Challange: Data overload
There’s no doubt that the data exists on real estate pricing and sales. The challenge is getting access to the most accurate data, and then analyzing it with the best prediction modeling possible. That’s overwhelming for most data scientists, let alone commercial bankers who have other tasks to deal with.
A recent Frost & Sullivan report explained how it is necessary to bridge the gap between data scientists and business pros like those in commercial finance and real estate. “The goal is to help organizations of all types discover and model patterns in their own data (and data they can get), so that profitable optimizations can be made to related business processes and systems,” according to Big Data & Analytics Analyst Sandy Borthick.

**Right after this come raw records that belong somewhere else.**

Lemma multilinear_set_coord (y : nat -> nat -> C) (j i0 : nat) (z : C) : (j < m)%nat ->
  T (upd y j (set_coord (y j) i0 z)) =
  (T (upd y j (set_coord (y j) i0 0)) + T (upd y j (set_coord (fun _ => 0%C) i0 1)) * z)%C.
Proof.
  intros Hj.
  rewrite (Cmult_comm _ z), <- (Cmult_1_l (T (upd y j (set_coord (y j) i0 0)))).
  rewrite <- (proj2 HT) by auto.
  apply multilinear_ext. intros k i _ _. unfold upd, set_coord.
  destruct (Nat.eqb k j); [destruct (Nat.eqb i i0); ring | auto].
Qed.

Lemma multilinear_scale_args (c : C) (L : list nat) (x : nat -> nat -> C) :
  NoDup L -> (forall j, In j L -> (j < m)%nat) ->
  T (scale_args c L x) = (c ^ length L * T x)%C.
Proof.
  induction L as [| a L IH]; intros HN HL.
  { simpl. rewrite Cmult_1_l. apply multilinear_ext. intros j i _ _. reflexivity. }
  inversion HN as [| ? ? HaL HNL]; subst.
  transitivity (T (upd (scale_args c L x) a (fun i => c * x a i)%C)).
  { apply multilinear_ext. intros j i _ _. unfold upd, scale_args.
    destruct (Nat.eqb_spec j a) as [-> |].
    - destruct (in_dec Nat.eq_dec a (a :: L)) as [_ | n]; [auto | now destruct n; left].
    - destruct (in_dec Nat.eq_dec j (a :: L)) as [[E | E] | E],
        (in_dec Nat.eq_dec j L); try congruence; try tauto.
      exfalso. apply E. now right. }
  rewrite multilinear_scale by (apply HL; now left).
  rewrite multilinear_upd_id, IH; auto.
  - simpl. now rewrite Cmult_assoc.
  - intros j Hj. apply HL. now right.
  - intros i. unfold scale_args. now destruct (in_dec Nat.eq_dec a L).
Qed.

End MultilinearForm.

Definition TM_admissible (m N M : nat) (p : nat -> Rbar) (A : list nat)
    (y : nat -> nat -> C) : Prop :=
  (forall j, (j < m)%nat -> ~ In j A -> in_ball (p j) N (y j)) /\
  (forall j, In j A -> in_TMN M N (y j)).

Definition disc_admissible (m N M : nat) (p : nat -> Rbar) (A : list nat)
    (y : nat -> nat -> C) : Prop :=
  (forall j, (j < m)%nat -> ~ In j A -> in_ball (p j) N (y j)) /\
  (forall j i, In j A -> (i < N)%nat -> in_TM M (y j i) \/ Cmod (y j i) <= r_M M).

Section PushToRoots.

Variables (m N M : nat) (p : nat -> Rbar) (A : list nat) (T : (nat -> nat -> C) -> C).
Hypothesis HM : (3 <= M)%nat.
Hypothesis HT : multilinear_form m N T.
Hypothesis HA : forall j, In j A -> (j < m)%nat.

Lemma push_coord_to_root (y : nat -> nat -> C) (j0 i0 : nat) :
  disc_admissible m N M p A y ->
  exists y', disc_admissible m N M p A y' /\ Cmod (T y) <= Cmod (T y') /\
    (forall j i, (j, i) <> (j0, i0) -> y' j i = y j i) /\
    (In j0 A -> (i0 < N)%nat -> in_TM M (y' j0 i0)).
Proof.
  intros [Hout Hin].
  assert (Hcase : (In j0 A /\ (i0 < N)%nat /\ Cmod (y j0 i0) <= r_M M) \/
                  (In j0 A -> (i0 < N)%nat -> in_TM M (y j0 i0))).
  { destruct (in_dec Nat.eq_dec j0 A) as [Hj0 | Hj0]; [| right; tauto].
    destruct (lt_dec i0 N) as [Hi0 | Hi0]; [| right; tauto].
    destruct (Hin j0 i0 Hj0 Hi0); [right | left]; auto. }
  destruct Hcase as [[Hj0 [Hi0 Hdisc]] | Hroot].
  2: { exists y. split; [split; auto | split; [lra | split; auto]]. }
  destruct (Cmod_affine_le_root_unity M HM (T (upd y j0 (set_coord (y j0) i0 0)))
              (T (upd y j0 (set_coord (fun _ => 0%C) i0 1))) (y j0 i0) Hdisc)
    as [k [Hk Hle]].
  exists (upd y j0 (set_coord (y j0) i0 (root_unity M k))).
  split; [split | split; [| split]].
  - intros j Hj HjA. unfold upd.
    destruct (Nat.eqb_spec j j0) as [-> |]; [contradiction | auto].
  - intros j i HjA Hi. unfold upd, set_coord.
    destruct (Nat.eqb_spec j j0) as [-> |]; [| auto].
    destruct (Nat.eqb_spec i i0) as [-> |]; [left; now apply in_TM_root_unity | auto].
  - rewrite <- (multilinear_upd_id m N T HT y j0 (set_coord (y j0) i0 (y j0 i0))).
    + rewrite (multilinear_set_coord m N T HT y j0 i0 (y j0 i0)),
        (multilinear_set_coord m N T HT y j0 i0 (root_unity M k)) by auto.
      exact Hle.
    + intros i. unfold set_coord. now destruct (Nat.eqb_spec i i0) as [-> |].
  - intros j i Hne. unfold upd, set_coord.
    destruct (Nat.eqb_spec j j0) as [-> |]; [| auto].
    destruct (Nat.eqb_spec i i0) as [-> |]; [contradiction | auto].
  - intros _ _. unfold upd, set_coord. rewrite !Nat.eqb_refl.
    now apply in_TM_root_unity.
Qed.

Gnowise Solution: Superhuman data analysis
Predictive analytics pulls together massive amounts of data and artificial intelligence to help deliver better value on client investments. With Gnowise predictions, hundreds of data series are taken into account, and this can be combined with other bank data for better user experiences.

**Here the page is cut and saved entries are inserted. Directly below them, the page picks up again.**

(* Let $\mu,\delta,\rho>0$ and $0<\beta_0<\mu$. For a parameter $b>0$ consider the system \[ \dot P=P\big[(b-\mu)-2bP+(\delta-b)A\big],\qquad \dot A=-(2\delta P+\rho)A \] on $\mathcal F=\{(P,A): P\ge0,\ A\ge0,\ 2P+A\le1\}$, with centrist share $C=1-2P-A$. Let $t_1<\dots<t_n$ be shock times with state components $\Delta_1,\dots,\Delta_n\in[0,1]$ and structural components $\Delta\beta_1,\dots,\Delta\beta_n\ge0$; at $t_k$ the state jumps by $P\mapsto P$, $C\mapsto(1-\Delta_k)C$, $A\mapsto A+\Delta_kC$, and the parameter becomes $B_k=\beta_0+\sum_{j=1}^k\Delta\beta_j$. Assume $P(t_k^+)>0$ for every $k$. Let $C_k^\infty$ denote $\lim_{t\to\infty}C(t)$ for the solution of the system with $b=B_k$ started from the post-shock state at $t_k^+$ (i.e. without further shocks), and let $k^*$ be the first index with $B_{k^*}>\mu$. Then: (i) For all $k<k^*$, $C_k^\infty=1$. If in addition $\delta>B_k$, then the near-centrist surge criterion for the $k$-th shock is $\Delta_k>\Delta_c^{(k)}:=\frac{\mu-B_k}{\delta-B_k}$, in the sense that $\lim_{\varepsilon\to0^+}(\dot P/P)$ at $(P,A)=(\varepsilon,\Delta_k)$ under $b=B_k$ is positive if and only if $\Delta_k>\Delta_c^{(k)}$. (ii) $C_{k^*}^\infty=\mu/B_{k^*}<1$. (iii) For every $k>k^*$, $C_k^\infty=\mu/B_k\le C_{k-1}^\infty$, with strict inequality if and only if $\Delta\beta_k>0$. (iv) $k^*=\min\{k:\sum_{j=1}^k\Delta\beta_j>\mu-\beta_0\}$.
   Context: Symmetric reduction ($L=R=P$) of a four-group voter model with disengaged share $A$; $b$ is the combined recruitment/reactive-polarisation rate. *)

From Stdlib Require Import Reals Lra.
From Coquelicot Require Import Coquelicot.
Open Scope R_scope.

Definition fP (mu delta b P A : R) : R :=
  P * ((b - mu) - 2 * b * P + (delta - b) * A).
Definition fA (delta rho P A : R) : R :=
  - (2 * delta * P + rho) * A.

Definition Cshare (P A : R) : R := 1 - 2 * P - A.

Definition inF (P A : R) : Prop := 0 <= P /\ 0 <= A /\ 2 * P + A <= 1.

Fixpoint cumsum (Db : nat -> R) (k : nat) : R :=
  match k with
  | O => 0
  | S k' => cumsum Db k' + Db (S k')
  end.

Definition Bpar (beta0 : R) (Db : nat -> R) (k : nat) : R := beta0 + cumsum Db k.

(* (P, A) solves the system with parameter b on [t0, +oo):
   differentiable with the right derivatives for t > t0, and right-continuous
   at t0 (so that (P t0, A t0) is the initial/post-shock state). *)
Definition solves (mu delta rho b t0 : R) (P A : R -> R) : Prop :=
  (forall t, t0 < t ->
     is_derive P t (fP mu delta b (P t) (A t)) /\
     is_derive A t (fA delta rho (P t) (A t))) /\
  filterlim P (at_right t0) (locally (P t0)) /\
  filterlim A (at_right t0) (locally (A t0)).

From Stdlib Require Import Reals Lra Lia.
From Coquelicot Require Import Coquelicot.
Open Scope R_scope.

(* Between shocks P' = P g(t) with g continuous, so P stays positive, and then
   A' = -(2 delta P + rho) A makes A decay like exp (- rho t).  The reciprocal
   u = 1/P solves the linear equation u' = 2b - a(t) u with
   a(t) = (b - mu) + (delta - b) A(t), which tends to b - mu.  If b <= mu the
   excess of a over 0 is exponentially small, an integrating factor shows that
   u grows at least linearly, and P -> 0, C -> 1.  If b > mu then u -> 2b/(b - mu),
   so P -> (b - mu)/(2b) and C -> 1 - (b - mu)/b = mu/b. *)

Lemma derive_nonneg_nondecreasing (f df : R -> R) (T : R) :
  (forall t, T <= t -> is_derive f t (df t)) -> (forall t, T <= t -> 0 <= df t) ->
  forall x y, T <= x -> x <= y -> f x <= f y.
Proof.
  intros Hf Hdf x y Hx Hxy.
  destruct (MVT_gen f x y df) as [c [Hc Hmvt]].
  - intros z Hz. apply Hf. rewrite Rmin_left in Hz; lra.
  - intros z Hz. apply continuity_pt_filterlim, (@ex_derive_continuous R_AbsRing R_NormedModule).
    exists (df z). apply Hf. rewrite Rmin_left in Hz; lra.
  - rewrite Rmin_left, Rmax_right in Hc by lra.
    assert (0 <= df c) by (apply Hdf; lra). nra.
Qed.

Lemma derive_nonpos_nonincreasing (f df : R -> R) (T : R) :
  (forall t, T <= t -> is_derive f t (df t)) -> (forall t, T <= t -> df t <= 0) ->
  forall x y, T <= x -> x <= y -> f y <= f x.
Proof.
  intros Hf Hdf x y Hx Hxy.
  enough (- f x <= - f y) by lra.
  apply (derive_nonneg_nondecreasing (fun s => - f s) (fun s => - df s) T); [| |exact Hx|exact Hxy].
  - intros t Ht. apply (is_derive_opp f t (df t)), Hf, Ht.
  - intros t Ht. specialize (Hdf t Ht). lra.
Qed.

Lemma is_lim_p_infty_of_derive_ge (f df : R -> R) (T c : R) : 0 < c ->
  (forall t, T <= t -> is_derive f t (df t)) -> (forall t, T <= t -> c <= df t) ->
  is_lim f p_infty p_infty.
Proof.
  intros Hc Hf Hdf.
  assert (Hlin : forall t, T <= t -> f T + c * (t - T) <= f t).
  { intros t Ht.
    enough (f T - c * T <= f t - c * t) by lra.
    apply (derive_nonneg_nondecreasing (fun s => f s - c * s) (fun s => df s - c) T);
      [| |lra|exact Ht].
    - intros s Hs. auto_derive; [exists (df s); auto|].
      erewrite is_derive_unique by (apply Hf; exact Hs). ring.
    - intros s Hs. specialize (Hdf s Hs). lra. }
  apply is_lim_spec. intros M.
  exists (T + Rabs (M - f T) / c). intros t Ht.
  pose proof (Rdiv_le_0_compat _ _ (Rabs_pos (M - f T)) Hc).
  assert (Hgap : Rabs (M - f T) / c < t - T) by lra.
  apply Rlt_div_l in Hgap; [|lra].
  pose proof (Rle_abs (M - f T)).
  specialize (Hlin t ltac:(lra)). nra.
Qed.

Further, Gnowise uses unique machine learning and data science simulations that can be adjusted to factor in the latest economic factors. Combined with all that valuable data and this platform can be considered superhuman.
Early adopters of this technology will have a competitive edge. According to Borthick, “Data is all that matters and financial service providers are being left behind with legacy systems. Large tech firms and FinTech start-ups are leading in all of the major growth services, and data network effects will mean laggards can never catch up.” The banks that adopt the right tools, access the best quality information and that can leverage it to make better customer experiences will be the ones that rise to the top.